The answer must consist of each line below that contains the word "forall", copied in full.

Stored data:

↓

Lemma rfact_add_le x c j : (0 < x)%nat ->
  rfact (x + c) j <= (1 + INR c / INR x) ^ j * rfact x j.
Proof.
  intros Hx. assert (Hx' : 0 < INR x) by (apply lt_0_INR; lia).
  induction j as [|j IH]; simpl; [lra|].
  assert (Hstep : INR (x + c + j) <= (1 + INR c / INR x) * INR (x + j)).
  { rewrite !plus_INR.
    replace ((1 + INR c / INR x) * (INR x + INR j))
      with (INR x + INR c + INR j + INR c * INR j / INR x) by (field; lra).
    assert (0 <= INR c * INR j / INR x)
      by (apply Rmult_le_pos; [apply Rmult_le_pos; apply pos_INR|left; apply Rinv_0_lt_compat; lra]).
    lra. }
  replace ((1 + INR c / INR x) * (1 + INR c / INR x) ^ j * (rfact x j * INR (x + j)))
    with (((1 + INR c / INR x) ^ j * rfact x j) * ((1 + INR c / INR x) * INR (x + j))) by ring.
  apply Rmult_le_compat; [apply rfact_nonneg|apply pos_INR|exact IH|exact Hstep].
Qed.

Lemma pow_1plus_le y K : 0 <= y -> 2 * INR K * y <= 1 -> (1 + y) ^ K <= 1 + 2 * INR K * y.
Proof.
  induction K as [|K IH]; intros Hy HK; simpl pow; [simpl; lra|].
  rewrite S_INR in *. assert (0 <= INR K) by apply pos_INR.
  assert ((1 + y) ^ K <= 1 + 2 * INR K * y) by (apply IH; nra).
  assert (0 <= (1 + y) ^ K) by (apply pow_le; lra).
  nra.
Qed.

Lemma beta_add_l k l m : beta k l (m + l) = sqrt (rfact (S m) l * rfact (S m) k).
Proof.
  unfold beta, rising.
  replace (Z.of_nat (m + l) - Z.of_nat l + 1)%Z with (Z.of_nat (S m)) by lia.
  replace (Z.of_nat (S m) <? 0)%Z with false by (symmetry; apply Z.ltb_ge; lia).
  now rewrite !rising_pos_of_nat.
Qed.

Lemma beta_mono k l n n' : (l <= n <= n')%nat -> beta k l n <= beta k l n'.
Proof.
  intros H.
  replace n with (n - l + l)%nat by lia. replace n' with (n' - l + l)%nat by lia.
  rewrite !beta_add_l. apply sqrt_le_1_alt.
  apply Rmult_le_compat; try apply rfact_nonneg; apply rfact_mono; lia.
Qed.

Lemma beta_ge k l n : (2 <= k + l)%nat -> (l <= n)%nat -> INR (n - l + 1) <= beta k l n.
Proof.
  intros HK Hn. set (x := INR (n - l + 1)).
  assert (Hx : 1 <= x) by (unfold x; rewrite plus_INR; simpl; pose proof (pos_INR (n - l)); lra).
  replace n with (n - l + l)%nat by lia. rewrite beta_add_l.
  rewrite <- (sqrt_pow2 x) by lra. apply sqrt_le_1_alt.
  replace (S (n - l)) with (n - l + 1)%nat by lia. fold x.
  apply Rle_trans with (x ^ l * x ^ k).
  - rewrite <- pow_add. apply Rle_pow; [lra|lia].
  - apply Rmult_le_compat; try (apply pow_le; lra); apply rfact_ge_pow.
Qed.

Lemma beta_add_le k l n c : (l <= n)%nat ->
  beta k l (n + c) <= (1 + INR c / INR (n - l + 1)) ^ (k + l) * beta k l n.
Proof.
  intros Hn. destruct (Nat.le_exists_sub l n Hn) as [m [-> _]].
  replace (m + l - l + 1)%nat with (S m) by lia.
  replace (m + l + c)%nat with (m + c + l)%nat by lia.
  rewrite !beta_add_l. replace (S (m + c)) with (S m + c)%nat by lia.
  set (x := S m). set (q := (1 + INR c / INR x)).
  assert (Hq : 1 <= q ^ (k + l)).
  { rewrite <- (pow1 (k + l)). apply pow_incr. split; [lra|].
    assert (0 <= INR c / INR x)
      by (apply Rmult_le_pos; [apply pos_INR|left; apply Rinv_0_lt_compat, lt_0_INR; lia]).
    unfold q; lra. }
  apply Rle_trans with (sqrt (q ^ (k + l) * (rfact x l * rfact x k))).
  - apply sqrt_le_1_alt. rewrite pow_add.
    replace (q ^ k * q ^ l * (rfact x l * rfact x k))
      with ((q ^ l * rfact x l) * (q ^ k * rfact x k)) by ring.
    apply Rmult_le_compat; try apply rfact_nonneg; apply rfact_add_le; unfold x; lia.
  - rewrite sqrt_mult_alt by lra. apply Rmult_le_compat_r; [apply sqrt_pos|].
    rewrite <- (sqrt_pow2 (q ^ (k + l))) at 2 by lra. apply sqrt_le_1_alt. nra.
Qed.

Lemma beta_window_le k l c eps : 0 < eps <= 1 ->
  exists N, forall n, (N <= n)%nat -> (l <= n)%nat ->
    beta k l (n + c) <= (1 + eps) * beta k l n.
Proof.
  intros Heps. set (K := INR (k + l)).
  destruct (INR_unbounded (2 * K * INR c / eps)) as [N HN].
  exists (N + l)%nat. intros n HNn Hln. set (x := INR (n - l + 1)).
  assert (Hx : INR N < x) by (apply lt_INR; lia).
  assert (Hx0 : 0 < x) by (apply lt_0_INR; lia).
  assert (Hy : 0 <= INR c / x)
    by (apply Rmult_le_pos; [apply pos_INR | left; apply Rinv_0_lt_compat; lra]).
  assert (Hsmall : 2 * K * (INR c / x) <= eps).
  { assert (HKc : 2 * K * INR c <= eps * x).
    { replace (2 * K * INR c) with (eps * (2 * K * INR c / eps)) by (field; lra).
      apply Rmult_le_compat_l; lra. }
    replace (2 * K * (INR c / x)) with (2 * K * INR c / x) by (field; lra).
    apply Rle_trans with (eps * x / x); [|right; field; lra].
    apply Rmult_le_compat_r; [left; apply Rinv_0_lt_compat; lra | exact HKc]. }
  eapply Rle_trans; [apply beta_add_le, Hln|]. fold x.
  apply Rmult_le_compat_r; [apply sqrt_pos|].
  eapply Rle_trans; [apply pow_1plus_le; fold K; lra|]. fold K. lra.
Qed.

Lemma asymp_expansion_lead g lam : asymp_expansion g lam ->
  forall eps, 0 < eps -> exists N, forall n, (N <= n)%nat -> Rabs (g n - lam O) <= eps.
Proof.
  intros Has eps Heps.
  destruct (Has O) as (C0 & N & HN).
  destruct (INR_unbounded ((C0 / eps) ^ 2)) as [N2 HN2].
  exists (Nat.max N (S N2)). intros n Hn.
  assert (Hn0 : 0 < INR n) by (apply lt_0_INR; lia).
  assert (HN2n : INR N2 <= INR n) by (apply le_INR; lia).
  specialize (HN n ltac:(lia)). simpl sum_f_R0 in HN.
  replace (- INR 0 / 2) with 0 in HN by (simpl; field). replace (- 0 / 2) with 0 in HN by field.
  replace (- INR (0 + 1) / 2) with (- / 2) in HN by (simpl; field).
  rewrite Rpower_O, Rpower_Ropp, Rpower_sqrt, Rmult_1_r in HN by exact Hn0.
  assert (Hs : 0 < sqrt (INR n)) by (apply sqrt_lt_R0; exact Hn0).
  assert (Hsqrt : Rabs C0 / eps <= sqrt (INR n)).
  { rewrite <- (sqrt_pow2 (Rabs C0 / eps))
      by (apply Rmult_le_pos; [apply Rabs_pos | left; apply Rinv_0_lt_compat; lra]).
    apply sqrt_le_1_alt. unfold Rdiv in *. rewrite Rpow_mult_distr, pow2_abs, <- Rpow_mult_distr.
    lra. }
  apply Rle_trans with (C0 * / sqrt (INR n)); [exact HN|].
  apply Rmult_le_reg_r with (sqrt (INR n)); [exact Hs|].
  rewrite Rmult_assoc, Rinv_l by lra.
  pose proof (Rle_abs C0).
  apply (Rmult_le_compat_l eps) in Hsqrt; [|lra].
  replace (eps * (Rabs C0 / eps)) with (Rabs C0) in Hsqrt by (field; lra). lra.
Qed.

Lemma f_eventually_le_beta k l f lam :
  asymp_expansion (fun n => f n / beta k l n) lam -> lam O < 2 ->
  exists eps N, 0 < eps <= 1 /\
    forall n, (N <= n)%nat -> 0 < beta k l n -> f n <= (2 - eps) * beta k l n.
Proof.
  intros Has Hlam. set (eps := Rmin 1 ((2 - lam O) / 2)).
  assert (Heps : 0 < eps <= 1) by (split; [apply Rmin_glb_lt; lra | apply Rmin_l]).
  assert (Heps2 : eps <= (2 - lam O) / 2) by apply Rmin_r.
  destruct (asymp_expansion_lead _ _ Has eps (proj1 Heps)) as [N HN].
  exists eps, N. split; [exact Heps|]. intros n Hn Hb.
  specialize (HN n Hn). apply Rabs_le_between in HN. cbv beta in HN.
  assert (f n / beta k l n <= 2 - eps) by lra.
  replace (f n) with (f n / beta k l n * beta k l n) by (field; lra).
  apply Rmult_le_compat_r; lra.
Qed.

Lemma Cmult_sqrt_sqrt a b z : 0 <= a ->
  Cmult (RtoC (sqrt a)) (Cmult (RtoC (sqrt b)) z) = Cmult (RtoC (sqrt (a * b))) z.
Proof. intros Ha. rewrite sqrt_mult_alt, RtoC_mult, Cmult_assoc by exact Ha. reflexivity. Qed.

Lemma iter_aop l x m :
  Nat.iter l aop x m = Cmult (RtoC (sqrt (rfact (S m) l))) (x (m + l)%nat).
Proof.
  revert x m; induction l as [|l IH]; intros x m.
  - simpl. rewrite sqrt_1, Nat.add_0_r, Cmult_1_l. reflexivity.
  - rewrite Nat.iter_succ_r, IH. unfold aop.
    rewrite Cmult_sqrt_sqrt by apply rfact_nonneg.
    simpl rfact. rewrite <- plus_n_Sm. reflexivity.
Qed.

Lemma iter_adag k y m :
  Nat.iter k adag y (m + k)%nat = Cmult (RtoC (sqrt (rfact (S m) k))) (y m).
Proof.
  induction k as [|k IH].
  - simpl. rewrite sqrt_1, Nat.add_0_r, Cmult_1_l. reflexivity.
  - rewrite <- plus_n_Sm, Nat.iter_succ.
    change (adag ?z (S ?p)) with (Cmult (RtoC (sqrt (INR (S p)))) (z p)).
    rewrite IH, Cmult_sqrt_sqrt by apply pos_INR.
    rewrite Rmult_comm. reflexivity.
Qed.

Lemma Aop_at k l theta f x m : (l <= k)%nat ->
  Aop k l theta f x (m + k)%nat =
  Cplus (Cplus (Cmult (xi theta) (Cmult (RtoC (beta k l (m + l))) (x (m + l)%nat)))
               (Cmult (Cconj (xi theta))
                      (Cmult (RtoC (beta k l (m + k))) (x (m + k + (k - l))%nat))))
        (Cmult (RtoC (f (m + k)%nat)) (x (m + k)%nat)).
Proof.
  intros Hlk. unfold Aop, fN. cbv beta.
  rewrite iter_adag, iter_aop, Cmult_sqrt_sqrt, Rmult_comm, <- beta_add_l
    by apply rfact_nonneg.
  replace (Nat.iter l adag (Nat.iter k aop x) (m + k)%nat)
    with (Nat.iter l adag (Nat.iter k aop x) (m + k - l + l)%nat) by (f_equal; lia).
  rewrite iter_adag, iter_aop, Cmult_sqrt_sqrt, <- beta_add_l by apply rfact_nonneg.
  replace (m + k - l + l)%nat with (m + k)%nat by lia.
  replace (m + k - l + k)%nat with (m + k + (k - l))%nat by lia.
  reflexivity.
Qed.

Lemma Cconj_xi a : Cconj (xi a) = xi (- a).
Proof. unfold Cconj, xi; simpl. rewrite cos_neg, sin_neg. reflexivity. Qed.

Lemma Cmod_xi_sqr a : Cmod (xi a) ^ 2 = 1.
Proof.
  unfold Cmod, xi; simpl fst; simpl snd.
  rewrite pow2_sqrt by nra. pose proof (sin2_cos2 a). unfold Rsqr in *. lra.
Qed.

Lemma Re_conj_xi_mul a b c : Re (Cmult (Cconj (xi a)) (Cmult (xi b) (xi c))) = cos (b + c - a).
Proof.
  unfold Re, Cmult, Cconj, xi; simpl.
  replace (b + c - a) with ((b + c) + - a) by ring.
  rewrite cos_plus, cos_plus, sin_plus, cos_neg, sin_neg. ring.
Qed.

Lemma Re_conj_xi_diag a w1 w2 r1 r2 z1 z2 F :
  Re (Cmult (Cconj (xi a))
        (Cplus (Cplus (Cmult w1 (Cmult (RtoC r1) z1)) (Cmult w2 (Cmult (RtoC r2) z2)))
               (Cmult (RtoC F) (xi a))))
  = r1 * Re (Cmult (Cconj (xi a)) (Cmult w1 z1))
    + r2 * Re (Cmult (Cconj (xi a)) (Cmult w2 z2)) + F.
Proof.
  destruct w1, w2, z1, z2. pose proof (sin2_cos2 a) as Ha. unfold Rsqr in Ha.
  unfold Re, Cmult, Cconj, Cplus, RtoC, xi in *; simpl.
  replace F with (F * (sin a * sin a + cos a * cos a)) at 3 by (rewrite Ha; ring).
  ring.
Qed.

Lemma Re_conj_mul_0 z w : Re (Cmult (Cconj z) (Cmult w (RtoC 0))) = 0.
Proof. rewrite !Cmult_0_r. reflexivity. Qed.

(* The vector [sum_(j<J) e^(i j phi) phi_(N0 + j d)]. *)
Definition ladder (N0 d J : nat) (phi : R) : vec := fun t =>
  if ((N0 <=? t) && ((t - N0) mod d =? 0) && ((t - N0) / d <? J))%bool
  then xi (INR ((t - N0) / d) * phi) else RtoC 0.

Lemma ladder_on N0 d J phi j : d <> 0%nat -> (j < J)%nat ->
  ladder N0 d J phi (N0 + j * d)%nat = xi (INR j * phi).
Proof.
  intros Hd Hj. unfold ladder.
  replace (N0 + j * d - N0)%nat with (j * d)%nat by lia.
  rewrite Nat.Div0.mod_mul, Nat.div_mul by exact Hd.
  replace (N0 <=? N0 + j * d)%nat with true by (symmetry; apply Nat.leb_le; lia).
  replace (j <? J)%nat with true by (symmetry; apply Nat.ltb_lt; exact Hj).
  reflexivity.
Qed.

↑

### Your response
  exists N, forall n, (N <= n)%nat -> (l <= n)%nat ->
  forall eps, 0 < eps -> exists N, forall n, (N <= n)%nat -> Rabs (g n - lam O) <= eps.
    forall n, (N <= n)%nat -> 0 < beta k l n -> f n <= (2 - eps) * beta k l n.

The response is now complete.